Course
Schedule. Coffee and tea are served at
gallery sessions between 1:30 and 2pm.
Mo. 14
Jan. 2pm – 3:30 pm – Gallery slide lecture – Watteau and the Birth of the
“Fête Galante” – Paris under the
Regency.
Mo. 21
Jan. 12 noon – 1:30 pm – Visit to Musée du Louvre – Watteau, Boucher and
Quentin Latour – Art in the Rococo period. Meet by information desk under Pyramid with ticket in
hand at 10:15.
Mo. 28
Jan. 2pm – 3:30 pm – Gallery slide lecture – Women of the Court, women of Paris – Love, Marriage and the
intellectual Salon in the Age of Enlightenment.
Mo.
4 Feb. 2pm – 3:30 pm – Visit to
the Hôtel de Soubise – Apartments of the
Princesse de Soubise - paintings by Boucher, Tremolières, and Natoire’s cycle
of “Psyche and Love”.
Meet courtyard of the Archives Nationales, 60 rue des
Francs-Bourgeois 75003 (Metros: Hôtel de Ville and Rambuteau)
The Régence 1715
- 1723.
1715 - At
his great grandfather's death Louis XV is only five years old. Louis XIV's
nephew Philippe Duke of Orléans is proclaimed Regent and takes over the
government. The court moves from Versailles to the Tuileries palace in Paris
close to the Regent's official residence at the Palais -Royal. The great noble
families settle across the river in the Faubourg Saint-Germain.
1716 - Founding
of the first bank in France by the Scottish banker John Law.
1718 - Foundation
of New Orleans in Louisiana named in honor of the Regent by Jean-Baptiste
Lemoyne de Bienville. Law's bank becomes the official state bank, emits notes,
credit and sells stocks in colonial trade. It meets with huge popular success
and encourages a frenetic speculation at the newly founded stock market
(Bourse).
1720 - Resounding
stock market crash and bankruptcy of Law's bank.
1722 - Sacre of the young Louis XV. The court
returns to Versailles.
1723 - Louis
XV is declared majeur at 13. The
Regent become Prime Minister but dies suddenly on 2 December.
The Arts: An immense relief results from the end of the very long
(72 years) reign of the Sun King.
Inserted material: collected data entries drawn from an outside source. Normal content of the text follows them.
(* Let $s<-s^{neg}$ and suppose $m\in P\cap\mathbb Z^n$ lies in a negative-definite island $U$ of $g_s$. Then the pointwise norm of $\sigma^m_s$, which is $\mathbb T^n$-invariant and hence a function of $x$, is minimized at $m$ and is strictly increasing along each ray emanating from $m$, from $m$ up to the point where the ray meets the boundary of $U$.
   Context: Let $P=\{x\in\mathbb R^n:\ell_j(x)=\langle\nu_j,x\rangle+\lambda_j\ge0,\ j=1,\dots,r\}$ be a Delzant polytope with interior $\check P$, $(X_P,\omega)$ the associated compact symplectic toric manifold with action-angle coordinates $(x,\theta)$ on $\check X_P\cong\check P\times\mathbb T^n$, $\omega=\sum dx^j\wedge d\theta_j$. $L$ is a Hermitian prequantum line bundle with unitary trivialization $\mathbbm1$ over $\check X_P$ and $\nabla\mathbbm1=-i\sum x^jd\theta_j\mathbbm1$. Let $g_P=\frac12\sum\ell_j\log\ell_j$, $\psi\in C^\infty(P)$ strongly convex (positive definite Hessian on $P$), $g_s=g_P+s\psi$ with Hessian $H_s$ and $y_s=\partial g_s/\partial x$. The polarized section $\sigma^m_s$ is given on $\check X_P$ by $\sigma^m_s=e^{m\cdot(y_s+i\theta)}e^{-(x\cdot y_s-g_s)}\mathbbm1$, so its pointwise norm is $|\sigma^m_s|=e^{(m-x)\cdot y_s+g_s}$. A negative-definite island of $g_s$ is a connected component of $\{x\in\check P:H_s(x)\text{ negative definite}\}$. $s^{cvx}\ge0$ denotes the smallest number such that $g_s$ is convex on $\check P$ for all $s>-s^{cvx}$, and $s^{neg}\ge s^{cvx}$ the smallest number such that for all $s<-s^{neg}$ the function $g_s$ has a nonempty negative-definite island. *)

From HB Require Import structures.
From mathcomp Require Import all_boot all_order all_algebra.
From mathcomp Require Import all_classical all_reals all_analysis.
Set Implicit Arguments. Unset Strict Implicit. Unset Printing Implicit Defensive.
Import Order.TTheory GRing.Theory Num.Theory.
Import numFieldNormedType.Exports.
Local Open Scope classical_set_scope.
Local Open Scope ring_scope.

Section Toric.
Variable R : realType.
Variables n r : nat.

Definition ebasis (i : 'I_n) : 'rV[R]_n := delta_mx 0 i.

Definition intpt (m : 'I_n -> int) : 'rV[R]_n := \row_k (m k)%:~R.

Definition dotp (u v : 'rV[R]_n) : R := \sum_k u 0 k * v 0 k.

Definition ell (nu : 'I_r -> 'I_n -> int) (lam : 'I_r -> R) (j : 'I_r)
  (x : 'rV[R]_n) : R := \sum_k (nu j k)%:~R * x 0 k + lam j.

Definition polytope nu lam : set 'rV[R]_n := [set x | forall j, 0 <= ell nu lam j x].

Definition vertex (A : set 'rV[R]_n) (x : 'rV[R]_n) : Prop :=
  A x /\ forall y z t, A y -> A z -> 0 < t < 1 -> x = t *: y + (1 - t) *: z -> y = z.

(* Delzant polytope: compact, with nonempty interior, irredundant description
   (each j defines a facet), and at each vertex exactly n facets meet whose
   normals form a Z-basis of Z^n. *)
Definition delzant nu lam : Prop :=
  let P := polytope nu lam in
  bounded_set P /\ (interior P !=set0) /\
  (forall j, exists x, P x /\ ell nu lam j x = 0 /\ forall k, k != j -> 0 < ell nu lam k x) /\
  (forall x, vertex P x ->
     exists f : 'I_n -> 'I_r, injective f /\
       (forall j, ell nu lam j x = 0 <-> exists i, f i = j) /\
       (\det (\matrix_(i, k) nu (f i) k) = 1 \/ \det (\matrix_(i, k) nu (f i) k) = -1)).

(* iterated directional derivatives; C^oo = all of them Frechet differentiable *)
Fixpoint iterD (vs : seq 'rV[R]_n) (f : 'rV[R]_n -> R) : 'rV[R]_n -> R :=
  match vs with
  | [::] => f
  | v :: vs' => fun x => derive (iterD vs' f) x v
  end.

Definition smooth (f : 'rV[R]_n -> R) : Prop :=
  forall vs x, differentiable (iterD vs f) x.

Definition grad (f : 'rV[R]_n -> R) (x : 'rV[R]_n) : 'rV[R]_n :=
  \row_k derive f x (ebasis k).

Definition hessian (f : 'rV[R]_n -> R) (x : 'rV[R]_n) : 'M[R]_n :=
  \matrix_(i, k) derive (fun z => derive f z (ebasis k)) x (ebasis i).

Definition posdef (H : 'M[R]_n) : Prop :=
  forall v : 'rV[R]_n, v != 0 -> 0 < (v *m H *m v^T) 0 0.
Definition negdef (H : 'M[R]_n) : Prop :=
  forall v : 'rV[R]_n, v != 0 -> (v *m H *m v^T) 0 0 < 0.

Definition gP nu lam (x : 'rV[R]_n) : R :=
  2^-1 * \sum_j ell nu lam j x * ln (ell nu lam j x).

Definition gs nu lam (psi : 'rV[R]_n -> R) (s : R) (x : 'rV[R]_n) : R :=
  gP nu lam x + s * psi x.

(* pointwise norm |sigma^m_s| = exp((m - x).y_s + g_s), as a function of x *)
Definition sigma_norm nu lam psi s (m : 'I_n -> int) (x : 'rV[R]_n) : R :=
  expR (dotp (intpt m - x) (grad (gs nu lam psi s) x) + gs nu lam psi s x).

Definition negdef_region nu lam psi s : set 'rV[R]_n :=
  [set x | interior (polytope nu lam) x /\ negdef (hessian (gs nu lam psi s) x)].

Definition island nu lam psi s (U : set 'rV[R]_n) : Prop :=
  exists x0, negdef_region nu lam psi s x0 /\
             U = connected_component (negdef_region nu lam psi s) x0.

Definition has_island nu lam psi s : Prop :=
  exists U, island nu lam psi s U /\ U !=set0.

Definition is_sneg nu lam psi (t : R) : Prop :=
  0 <= t /\ (forall s, s < - t -> has_island nu lam psi s) /\
  (forall t', 0 <= t' -> (forall s, s < - t' -> has_island nu lam psi s) -> t <= t').

End Toric.

From HB Require Import structures.
From mathcomp Require Import all_boot all_order all_algebra.
From mathcomp Require Import all_classical all_reals all_analysis.
From mathcomp Require Import ring lra.
Import Order.TTheory GRing.Theory Num.Theory.
Import numFieldNormedType.Exports.
Local Open Scope classical_set_scope.
Local Open Scope ring_scope.
Set Implicit Arguments. Unset Strict Implicit. Unset Printing Implicit Defensive.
The tolerant even dissolute lifestyle of the
Regent and his entourage, and the new possibilities for quick enrichment
offered by the stock market, mark this period as one devoted to the fast life,
luxury and pleasure. The grand aristocratic portrait in a baroque style remains
the province of Nicolas Largillière (1656-1746).
Aristocratic hunt and still lives are the specialty of the animal painter
Jean-Baptiste Oudry (1686-1755).
Antoine Watteau (1684-1721) is the first
painter to break completely with the Grand
Style of the previous period to create an intimate, decorative art mixing
"vulgar" subjects drawn from street theatre with aristocratic scenes
from château life. The "fête
galante" is born, consecrating love and sentiment as the chief
pre-occupations of a society increasingly drawn to the private side of life and
its pleasures. Color and movement operate a great return in French
painting. The "Rubénistes" overthrow the "Poussinistes" of the old academic tradition. After
Watteau’s death in 1721 the fête galante
continues be very popular and becomes the key subject of his former assistants,
Nicolas Lancret (1690-1743) and Jean
Baptiste Pater (1695-1756). The
older painter Jean François de Troy
(1679-1752) who specializes in mythological and religious compositions also
takes up the subject with success. Love, nature, courtship and femininity
become the foundations of the style that will in the 1720’s be labeled “le style rocaille” or the Rococo style.
Architecture and
principally decoration become light and refined favoring undulating curves and
floral motifs over the vocabulary of classicism and geometry. This is the great
period of private and aristocratic rather than royal architecture and notably
the hôtels particuliers of the
Faubourg Saint-Germain in Paris.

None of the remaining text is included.